▶ _Problem description_
Reproduce the entries below exactly, but only from the line containing "(forall i j, (i < d)%N" to the line containing "rewrite !mulmxA -(mulmxA", inclusive.

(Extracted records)
-------------------------

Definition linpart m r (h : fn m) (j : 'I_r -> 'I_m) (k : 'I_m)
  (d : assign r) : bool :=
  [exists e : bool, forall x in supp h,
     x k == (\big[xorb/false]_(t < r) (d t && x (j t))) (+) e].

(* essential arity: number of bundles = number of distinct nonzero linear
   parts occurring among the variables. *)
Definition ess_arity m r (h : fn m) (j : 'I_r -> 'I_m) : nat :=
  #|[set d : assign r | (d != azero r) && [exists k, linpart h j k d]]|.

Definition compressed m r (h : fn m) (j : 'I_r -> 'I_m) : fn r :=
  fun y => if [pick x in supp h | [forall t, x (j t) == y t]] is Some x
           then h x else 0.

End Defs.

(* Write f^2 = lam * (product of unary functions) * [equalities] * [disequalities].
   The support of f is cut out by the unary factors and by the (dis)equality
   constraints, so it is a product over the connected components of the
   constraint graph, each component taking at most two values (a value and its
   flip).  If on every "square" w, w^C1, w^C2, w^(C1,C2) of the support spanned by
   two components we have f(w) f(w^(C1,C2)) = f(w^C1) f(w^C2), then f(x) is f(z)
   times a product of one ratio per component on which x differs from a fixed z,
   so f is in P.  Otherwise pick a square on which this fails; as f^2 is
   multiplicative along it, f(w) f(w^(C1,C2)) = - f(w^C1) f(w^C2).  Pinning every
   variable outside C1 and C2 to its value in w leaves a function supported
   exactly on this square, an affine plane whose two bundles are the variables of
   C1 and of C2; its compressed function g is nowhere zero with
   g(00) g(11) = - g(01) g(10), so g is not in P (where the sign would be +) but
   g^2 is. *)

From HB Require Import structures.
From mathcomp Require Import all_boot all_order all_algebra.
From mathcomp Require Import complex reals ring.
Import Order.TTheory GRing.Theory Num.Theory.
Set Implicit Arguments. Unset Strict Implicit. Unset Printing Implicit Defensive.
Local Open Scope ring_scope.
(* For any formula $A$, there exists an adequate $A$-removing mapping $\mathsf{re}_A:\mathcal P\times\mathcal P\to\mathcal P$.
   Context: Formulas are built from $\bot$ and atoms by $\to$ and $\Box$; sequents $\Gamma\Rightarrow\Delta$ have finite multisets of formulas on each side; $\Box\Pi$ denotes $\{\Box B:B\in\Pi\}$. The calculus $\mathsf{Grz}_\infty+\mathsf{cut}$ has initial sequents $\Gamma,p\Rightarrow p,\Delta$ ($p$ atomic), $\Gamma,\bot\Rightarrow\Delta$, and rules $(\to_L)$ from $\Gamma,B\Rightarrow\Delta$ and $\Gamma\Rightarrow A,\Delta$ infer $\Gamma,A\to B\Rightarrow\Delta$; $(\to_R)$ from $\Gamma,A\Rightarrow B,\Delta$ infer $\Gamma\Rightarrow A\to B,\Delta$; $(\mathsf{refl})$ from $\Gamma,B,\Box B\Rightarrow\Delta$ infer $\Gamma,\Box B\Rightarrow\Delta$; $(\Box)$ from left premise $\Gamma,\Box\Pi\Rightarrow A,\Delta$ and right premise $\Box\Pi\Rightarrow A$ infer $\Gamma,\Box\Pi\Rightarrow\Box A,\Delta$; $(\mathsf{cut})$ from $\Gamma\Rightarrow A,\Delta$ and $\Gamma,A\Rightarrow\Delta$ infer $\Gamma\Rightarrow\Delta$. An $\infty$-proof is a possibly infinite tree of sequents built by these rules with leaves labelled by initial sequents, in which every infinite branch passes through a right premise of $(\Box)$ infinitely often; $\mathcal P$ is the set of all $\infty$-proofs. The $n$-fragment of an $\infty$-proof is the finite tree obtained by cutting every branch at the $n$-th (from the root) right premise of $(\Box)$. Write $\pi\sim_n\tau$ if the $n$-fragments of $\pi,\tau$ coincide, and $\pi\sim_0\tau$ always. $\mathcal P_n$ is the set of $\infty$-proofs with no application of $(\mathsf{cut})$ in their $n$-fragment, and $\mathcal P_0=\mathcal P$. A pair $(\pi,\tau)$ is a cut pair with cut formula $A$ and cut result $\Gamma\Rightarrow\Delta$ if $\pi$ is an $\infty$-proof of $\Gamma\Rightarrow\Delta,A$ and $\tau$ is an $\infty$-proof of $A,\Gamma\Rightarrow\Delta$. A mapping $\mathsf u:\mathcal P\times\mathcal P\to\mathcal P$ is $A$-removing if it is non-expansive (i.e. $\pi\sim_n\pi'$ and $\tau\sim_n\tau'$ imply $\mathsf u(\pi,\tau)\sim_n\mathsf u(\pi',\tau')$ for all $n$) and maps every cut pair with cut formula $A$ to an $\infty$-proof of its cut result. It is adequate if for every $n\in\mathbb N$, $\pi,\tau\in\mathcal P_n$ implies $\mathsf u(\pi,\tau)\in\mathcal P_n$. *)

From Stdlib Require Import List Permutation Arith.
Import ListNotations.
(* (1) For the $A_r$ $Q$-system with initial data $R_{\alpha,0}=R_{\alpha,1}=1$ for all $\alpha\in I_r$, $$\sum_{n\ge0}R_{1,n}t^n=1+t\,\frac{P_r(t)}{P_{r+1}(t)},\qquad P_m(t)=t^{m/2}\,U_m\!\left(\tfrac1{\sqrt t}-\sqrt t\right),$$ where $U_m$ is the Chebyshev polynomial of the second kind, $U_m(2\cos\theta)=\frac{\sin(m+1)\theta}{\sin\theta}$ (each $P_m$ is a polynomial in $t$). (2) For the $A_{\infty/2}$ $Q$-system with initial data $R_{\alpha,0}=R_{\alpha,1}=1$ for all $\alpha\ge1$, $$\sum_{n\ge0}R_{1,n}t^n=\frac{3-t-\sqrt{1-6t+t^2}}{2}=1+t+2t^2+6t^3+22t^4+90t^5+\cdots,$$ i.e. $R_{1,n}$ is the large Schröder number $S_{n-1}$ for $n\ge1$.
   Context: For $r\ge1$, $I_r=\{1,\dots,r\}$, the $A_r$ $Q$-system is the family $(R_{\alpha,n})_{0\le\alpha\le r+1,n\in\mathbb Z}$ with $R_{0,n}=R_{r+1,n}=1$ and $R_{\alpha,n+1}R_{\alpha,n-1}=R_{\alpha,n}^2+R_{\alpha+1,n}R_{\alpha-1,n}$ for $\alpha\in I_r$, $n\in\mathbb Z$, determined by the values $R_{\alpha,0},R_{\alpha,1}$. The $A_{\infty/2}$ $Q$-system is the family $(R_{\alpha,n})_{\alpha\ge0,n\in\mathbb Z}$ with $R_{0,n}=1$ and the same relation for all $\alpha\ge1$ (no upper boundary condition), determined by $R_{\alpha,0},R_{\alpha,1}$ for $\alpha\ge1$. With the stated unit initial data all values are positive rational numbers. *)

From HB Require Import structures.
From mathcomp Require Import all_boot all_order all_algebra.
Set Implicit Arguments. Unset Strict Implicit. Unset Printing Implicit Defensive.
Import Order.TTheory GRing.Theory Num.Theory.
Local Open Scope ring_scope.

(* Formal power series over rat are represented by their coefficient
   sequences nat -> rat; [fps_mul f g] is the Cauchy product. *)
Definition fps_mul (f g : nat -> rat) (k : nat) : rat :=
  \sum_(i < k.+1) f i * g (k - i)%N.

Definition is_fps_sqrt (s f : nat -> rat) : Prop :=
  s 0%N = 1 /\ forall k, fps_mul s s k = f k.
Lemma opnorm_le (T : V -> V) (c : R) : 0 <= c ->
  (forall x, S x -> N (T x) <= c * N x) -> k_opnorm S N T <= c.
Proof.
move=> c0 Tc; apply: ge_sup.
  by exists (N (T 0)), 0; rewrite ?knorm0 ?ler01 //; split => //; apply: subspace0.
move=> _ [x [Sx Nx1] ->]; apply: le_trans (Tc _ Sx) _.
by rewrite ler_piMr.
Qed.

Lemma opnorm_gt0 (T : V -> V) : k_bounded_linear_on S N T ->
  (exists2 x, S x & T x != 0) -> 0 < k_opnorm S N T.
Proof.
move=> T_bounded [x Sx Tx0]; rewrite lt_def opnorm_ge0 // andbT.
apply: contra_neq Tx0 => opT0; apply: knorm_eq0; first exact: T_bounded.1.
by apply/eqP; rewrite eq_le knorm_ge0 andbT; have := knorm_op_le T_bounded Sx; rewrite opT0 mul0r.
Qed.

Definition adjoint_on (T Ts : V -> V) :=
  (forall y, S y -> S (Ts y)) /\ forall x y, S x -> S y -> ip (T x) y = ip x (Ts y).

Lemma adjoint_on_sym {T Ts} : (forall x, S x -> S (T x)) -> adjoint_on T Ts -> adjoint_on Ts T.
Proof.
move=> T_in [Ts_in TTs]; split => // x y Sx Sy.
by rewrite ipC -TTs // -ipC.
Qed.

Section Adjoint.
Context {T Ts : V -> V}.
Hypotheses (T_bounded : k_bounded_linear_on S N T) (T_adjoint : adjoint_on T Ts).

-------------------------

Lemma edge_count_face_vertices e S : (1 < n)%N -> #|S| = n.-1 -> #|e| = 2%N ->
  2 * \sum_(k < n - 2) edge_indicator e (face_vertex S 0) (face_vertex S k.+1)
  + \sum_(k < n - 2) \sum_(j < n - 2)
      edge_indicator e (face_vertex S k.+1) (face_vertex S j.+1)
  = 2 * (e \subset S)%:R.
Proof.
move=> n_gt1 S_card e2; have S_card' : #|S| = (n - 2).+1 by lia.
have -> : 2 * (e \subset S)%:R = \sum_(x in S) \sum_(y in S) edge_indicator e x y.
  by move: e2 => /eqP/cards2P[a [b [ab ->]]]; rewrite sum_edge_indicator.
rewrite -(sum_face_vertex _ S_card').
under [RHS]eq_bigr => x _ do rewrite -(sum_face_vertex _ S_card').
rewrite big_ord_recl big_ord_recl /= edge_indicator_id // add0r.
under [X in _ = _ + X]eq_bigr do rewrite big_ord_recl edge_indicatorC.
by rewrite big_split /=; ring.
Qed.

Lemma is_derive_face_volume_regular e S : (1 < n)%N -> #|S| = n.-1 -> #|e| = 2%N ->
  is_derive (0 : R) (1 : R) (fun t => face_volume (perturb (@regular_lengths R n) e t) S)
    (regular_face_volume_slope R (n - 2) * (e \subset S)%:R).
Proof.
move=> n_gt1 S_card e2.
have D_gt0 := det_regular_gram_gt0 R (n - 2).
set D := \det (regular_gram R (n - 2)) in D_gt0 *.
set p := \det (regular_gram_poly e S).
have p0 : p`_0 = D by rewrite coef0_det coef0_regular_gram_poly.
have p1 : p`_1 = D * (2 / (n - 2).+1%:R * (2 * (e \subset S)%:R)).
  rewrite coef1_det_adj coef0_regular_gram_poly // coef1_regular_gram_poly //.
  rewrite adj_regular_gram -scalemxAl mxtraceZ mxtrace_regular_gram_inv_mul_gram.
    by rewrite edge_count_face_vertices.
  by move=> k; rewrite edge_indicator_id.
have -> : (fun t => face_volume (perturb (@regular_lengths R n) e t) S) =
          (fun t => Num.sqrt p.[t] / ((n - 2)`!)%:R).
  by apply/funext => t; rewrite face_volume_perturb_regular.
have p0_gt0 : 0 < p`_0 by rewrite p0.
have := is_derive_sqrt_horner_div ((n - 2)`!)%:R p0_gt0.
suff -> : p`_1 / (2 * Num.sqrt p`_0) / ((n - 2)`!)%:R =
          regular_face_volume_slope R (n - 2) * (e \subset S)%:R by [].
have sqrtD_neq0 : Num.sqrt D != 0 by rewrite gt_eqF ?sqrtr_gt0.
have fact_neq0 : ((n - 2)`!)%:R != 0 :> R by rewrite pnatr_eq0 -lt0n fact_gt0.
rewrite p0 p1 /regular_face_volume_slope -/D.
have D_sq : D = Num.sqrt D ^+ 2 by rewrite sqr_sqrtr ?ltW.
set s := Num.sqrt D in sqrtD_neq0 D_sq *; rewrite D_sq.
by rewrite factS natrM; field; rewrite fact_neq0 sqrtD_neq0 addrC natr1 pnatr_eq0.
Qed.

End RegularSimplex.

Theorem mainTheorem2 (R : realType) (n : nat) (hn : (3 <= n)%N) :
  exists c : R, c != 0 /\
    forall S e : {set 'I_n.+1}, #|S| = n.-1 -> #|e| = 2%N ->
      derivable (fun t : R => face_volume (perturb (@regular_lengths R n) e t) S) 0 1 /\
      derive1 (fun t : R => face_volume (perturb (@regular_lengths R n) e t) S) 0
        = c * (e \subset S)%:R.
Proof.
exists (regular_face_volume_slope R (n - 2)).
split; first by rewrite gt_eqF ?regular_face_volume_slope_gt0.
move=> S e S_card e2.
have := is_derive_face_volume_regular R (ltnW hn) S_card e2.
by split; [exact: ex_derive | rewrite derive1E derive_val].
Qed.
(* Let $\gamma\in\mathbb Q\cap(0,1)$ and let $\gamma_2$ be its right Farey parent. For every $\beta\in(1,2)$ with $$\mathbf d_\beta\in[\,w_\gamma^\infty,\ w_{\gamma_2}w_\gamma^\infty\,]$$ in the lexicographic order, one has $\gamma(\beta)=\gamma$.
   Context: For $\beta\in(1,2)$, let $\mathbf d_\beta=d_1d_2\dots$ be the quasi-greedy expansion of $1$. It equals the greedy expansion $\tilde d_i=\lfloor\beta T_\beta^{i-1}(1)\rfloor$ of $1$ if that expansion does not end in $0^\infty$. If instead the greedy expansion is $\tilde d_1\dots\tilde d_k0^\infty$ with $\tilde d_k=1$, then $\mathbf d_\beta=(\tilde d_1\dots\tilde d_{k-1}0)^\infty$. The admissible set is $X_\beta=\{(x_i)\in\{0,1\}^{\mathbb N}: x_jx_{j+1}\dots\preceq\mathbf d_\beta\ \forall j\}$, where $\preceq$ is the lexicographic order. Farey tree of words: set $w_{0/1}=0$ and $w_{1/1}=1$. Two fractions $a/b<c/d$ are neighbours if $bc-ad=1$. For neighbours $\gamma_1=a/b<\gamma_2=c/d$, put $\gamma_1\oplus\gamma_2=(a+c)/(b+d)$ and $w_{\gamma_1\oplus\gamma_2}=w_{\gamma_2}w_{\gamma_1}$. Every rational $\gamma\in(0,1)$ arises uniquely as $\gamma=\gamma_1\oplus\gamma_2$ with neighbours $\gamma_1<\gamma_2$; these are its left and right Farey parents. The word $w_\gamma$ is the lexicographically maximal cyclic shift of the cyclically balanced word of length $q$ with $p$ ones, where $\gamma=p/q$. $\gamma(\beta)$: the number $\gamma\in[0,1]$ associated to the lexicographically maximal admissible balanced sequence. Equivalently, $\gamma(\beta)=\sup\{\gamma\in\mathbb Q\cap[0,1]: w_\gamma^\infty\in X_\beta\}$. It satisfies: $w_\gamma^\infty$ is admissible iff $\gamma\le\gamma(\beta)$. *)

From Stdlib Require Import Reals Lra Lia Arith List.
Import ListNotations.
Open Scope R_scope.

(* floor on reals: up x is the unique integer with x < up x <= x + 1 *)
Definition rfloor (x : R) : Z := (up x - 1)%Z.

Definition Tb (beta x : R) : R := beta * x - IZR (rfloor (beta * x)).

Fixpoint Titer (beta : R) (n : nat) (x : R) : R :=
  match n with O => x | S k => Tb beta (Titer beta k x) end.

-------------------------

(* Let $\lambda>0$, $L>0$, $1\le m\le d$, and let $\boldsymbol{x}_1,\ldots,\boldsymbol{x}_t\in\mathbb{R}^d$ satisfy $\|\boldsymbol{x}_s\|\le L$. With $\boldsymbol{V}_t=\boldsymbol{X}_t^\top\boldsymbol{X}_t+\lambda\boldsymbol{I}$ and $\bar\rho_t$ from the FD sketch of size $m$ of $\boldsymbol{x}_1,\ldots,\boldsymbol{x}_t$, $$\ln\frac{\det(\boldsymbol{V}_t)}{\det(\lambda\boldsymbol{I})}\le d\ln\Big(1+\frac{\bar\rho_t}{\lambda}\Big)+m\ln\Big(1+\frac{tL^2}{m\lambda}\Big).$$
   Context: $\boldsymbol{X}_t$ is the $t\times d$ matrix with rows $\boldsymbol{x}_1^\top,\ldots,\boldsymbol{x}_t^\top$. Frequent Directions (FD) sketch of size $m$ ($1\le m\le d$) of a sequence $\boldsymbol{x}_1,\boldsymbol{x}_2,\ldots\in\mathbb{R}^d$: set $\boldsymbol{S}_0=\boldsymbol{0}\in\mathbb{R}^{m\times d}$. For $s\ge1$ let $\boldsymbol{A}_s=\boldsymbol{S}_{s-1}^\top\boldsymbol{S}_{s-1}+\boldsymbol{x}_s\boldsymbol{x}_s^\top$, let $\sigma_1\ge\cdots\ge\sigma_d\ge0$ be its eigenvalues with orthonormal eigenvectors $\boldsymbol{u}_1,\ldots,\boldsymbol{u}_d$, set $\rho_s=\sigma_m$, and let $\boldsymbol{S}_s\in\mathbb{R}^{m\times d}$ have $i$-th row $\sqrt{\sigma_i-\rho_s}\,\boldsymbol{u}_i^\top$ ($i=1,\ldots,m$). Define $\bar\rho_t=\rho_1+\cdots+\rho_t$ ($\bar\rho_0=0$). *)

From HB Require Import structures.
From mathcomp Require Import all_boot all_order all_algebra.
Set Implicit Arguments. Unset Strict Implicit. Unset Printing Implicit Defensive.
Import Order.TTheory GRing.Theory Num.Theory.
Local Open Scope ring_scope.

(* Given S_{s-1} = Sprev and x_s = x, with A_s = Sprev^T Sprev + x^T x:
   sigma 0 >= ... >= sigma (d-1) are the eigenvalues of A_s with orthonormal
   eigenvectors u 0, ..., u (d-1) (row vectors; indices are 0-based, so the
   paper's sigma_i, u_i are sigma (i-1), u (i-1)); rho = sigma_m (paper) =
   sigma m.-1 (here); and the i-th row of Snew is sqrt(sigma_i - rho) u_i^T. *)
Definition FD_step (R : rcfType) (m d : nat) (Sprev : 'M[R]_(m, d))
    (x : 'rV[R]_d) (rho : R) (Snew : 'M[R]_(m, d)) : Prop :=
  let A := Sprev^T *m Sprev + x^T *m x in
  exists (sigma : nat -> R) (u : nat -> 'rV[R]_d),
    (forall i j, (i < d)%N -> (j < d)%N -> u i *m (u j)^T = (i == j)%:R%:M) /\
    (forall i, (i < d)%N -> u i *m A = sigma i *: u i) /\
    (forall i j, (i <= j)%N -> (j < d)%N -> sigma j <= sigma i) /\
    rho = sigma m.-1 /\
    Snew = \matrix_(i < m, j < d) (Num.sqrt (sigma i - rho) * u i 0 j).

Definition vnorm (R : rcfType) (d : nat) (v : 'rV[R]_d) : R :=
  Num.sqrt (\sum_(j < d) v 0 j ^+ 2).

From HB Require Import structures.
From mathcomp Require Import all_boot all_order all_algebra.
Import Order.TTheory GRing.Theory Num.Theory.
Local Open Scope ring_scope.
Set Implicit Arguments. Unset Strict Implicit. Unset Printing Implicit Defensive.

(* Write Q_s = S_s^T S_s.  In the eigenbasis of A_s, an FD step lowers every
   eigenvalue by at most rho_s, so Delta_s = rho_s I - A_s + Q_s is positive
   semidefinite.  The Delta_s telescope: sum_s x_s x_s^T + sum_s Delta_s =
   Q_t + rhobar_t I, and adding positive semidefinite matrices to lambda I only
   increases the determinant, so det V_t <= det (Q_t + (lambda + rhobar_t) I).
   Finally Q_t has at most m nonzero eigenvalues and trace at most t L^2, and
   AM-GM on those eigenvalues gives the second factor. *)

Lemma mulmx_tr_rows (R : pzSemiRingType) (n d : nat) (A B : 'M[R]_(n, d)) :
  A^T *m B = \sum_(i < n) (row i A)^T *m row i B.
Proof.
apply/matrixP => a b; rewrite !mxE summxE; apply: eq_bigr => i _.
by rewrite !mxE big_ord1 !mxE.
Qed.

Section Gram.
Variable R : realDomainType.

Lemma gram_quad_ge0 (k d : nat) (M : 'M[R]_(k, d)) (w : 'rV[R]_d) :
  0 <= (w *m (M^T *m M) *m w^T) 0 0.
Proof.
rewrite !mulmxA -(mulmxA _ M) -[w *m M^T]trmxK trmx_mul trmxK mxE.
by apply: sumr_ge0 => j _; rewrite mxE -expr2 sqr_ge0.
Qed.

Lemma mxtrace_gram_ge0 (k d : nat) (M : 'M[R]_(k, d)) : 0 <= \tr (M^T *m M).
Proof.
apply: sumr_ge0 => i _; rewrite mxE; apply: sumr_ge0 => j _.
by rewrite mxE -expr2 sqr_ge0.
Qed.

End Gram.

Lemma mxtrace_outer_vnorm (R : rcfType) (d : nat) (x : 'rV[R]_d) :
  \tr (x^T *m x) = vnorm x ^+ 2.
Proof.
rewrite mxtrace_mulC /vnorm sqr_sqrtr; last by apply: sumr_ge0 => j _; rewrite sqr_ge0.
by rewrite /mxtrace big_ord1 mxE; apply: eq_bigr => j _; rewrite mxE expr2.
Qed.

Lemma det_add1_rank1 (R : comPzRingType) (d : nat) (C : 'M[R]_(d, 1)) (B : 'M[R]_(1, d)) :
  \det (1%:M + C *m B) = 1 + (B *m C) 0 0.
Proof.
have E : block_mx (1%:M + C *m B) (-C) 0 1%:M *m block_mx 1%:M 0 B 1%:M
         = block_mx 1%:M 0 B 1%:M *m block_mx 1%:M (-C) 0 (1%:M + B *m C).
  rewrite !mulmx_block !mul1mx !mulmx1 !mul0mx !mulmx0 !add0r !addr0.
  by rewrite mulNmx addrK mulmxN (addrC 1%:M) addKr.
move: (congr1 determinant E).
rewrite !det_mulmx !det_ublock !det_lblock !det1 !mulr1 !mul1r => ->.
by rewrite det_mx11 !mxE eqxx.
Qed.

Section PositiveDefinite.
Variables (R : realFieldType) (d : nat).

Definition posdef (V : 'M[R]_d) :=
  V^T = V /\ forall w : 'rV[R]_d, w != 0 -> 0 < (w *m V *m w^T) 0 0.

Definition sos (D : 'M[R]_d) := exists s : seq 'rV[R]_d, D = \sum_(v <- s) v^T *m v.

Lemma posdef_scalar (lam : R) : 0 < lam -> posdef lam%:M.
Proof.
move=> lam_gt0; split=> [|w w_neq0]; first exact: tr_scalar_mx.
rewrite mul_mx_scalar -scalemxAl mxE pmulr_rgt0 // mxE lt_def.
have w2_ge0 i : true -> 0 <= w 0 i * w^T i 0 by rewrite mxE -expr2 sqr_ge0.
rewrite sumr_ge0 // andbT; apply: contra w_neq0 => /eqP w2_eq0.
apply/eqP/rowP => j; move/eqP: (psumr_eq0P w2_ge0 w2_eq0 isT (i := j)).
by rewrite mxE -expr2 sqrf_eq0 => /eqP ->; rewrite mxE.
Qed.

-------------------------

▶ _The completed task_
    (forall i j, (i < d)%N -> (j < d)%N -> u i *m (u j)^T = (i == j)%:R%:M) /\
    (forall i, (i < d)%N -> u i *m A = sigma i *: u i) /\
    (forall i j, (i <= j)%N -> (j < d)%N -> sigma j <= sigma i) /\
    rho = sigma m.-1 /\
    Snew = \matrix_(i < m, j < d) (Num.sqrt (sigma i - rho) * u i 0 j).

Definition vnorm (R : rcfType) (d : nat) (v : 'rV[R]_d) : R :=
  Num.sqrt (\sum_(j < d) v 0 j ^+ 2).

From HB Require Import structures.
From mathcomp Require Import all_boot all_order all_algebra.
Import Order.TTheory GRing.Theory Num.Theory.
Local Open Scope ring_scope.
Set Implicit Arguments. Unset Strict Implicit. Unset Printing Implicit Defensive.

(* Write Q_s = S_s^T S_s.  In the eigenbasis of A_s, an FD step lowers every
   eigenvalue by at most rho_s, so Delta_s = rho_s I - A_s + Q_s is positive
   semidefinite.  The Delta_s telescope: sum_s x_s x_s^T + sum_s Delta_s =
   Q_t + rhobar_t I, and adding positive semidefinite matrices to lambda I only
   increases the determinant, so det V_t <= det (Q_t + (lambda + rhobar_t) I).
   Finally Q_t has at most m nonzero eigenvalues and trace at most t L^2, and
   AM-GM on those eigenvalues gives the second factor. *)

Lemma mulmx_tr_rows (R : pzSemiRingType) (n d : nat) (A B : 'M[R]_(n, d)) :
  A^T *m B = \sum_(i < n) (row i A)^T *m row i B.
Proof.
apply/matrixP => a b; rewrite !mxE summxE; apply: eq_bigr => i _.
by rewrite !mxE big_ord1 !mxE.
Qed.

Section Gram.
Variable R : realDomainType.

Lemma gram_quad_ge0 (k d : nat) (M : 'M[R]_(k, d)) (w : 'rV[R]_d) :
  0 <= (w *m (M^T *m M) *m w^T) 0 0.
Proof.
rewrite !mulmxA -(mulmxA _ M) -[w *m M^T]trmxK trmx_mul trmxK mxE.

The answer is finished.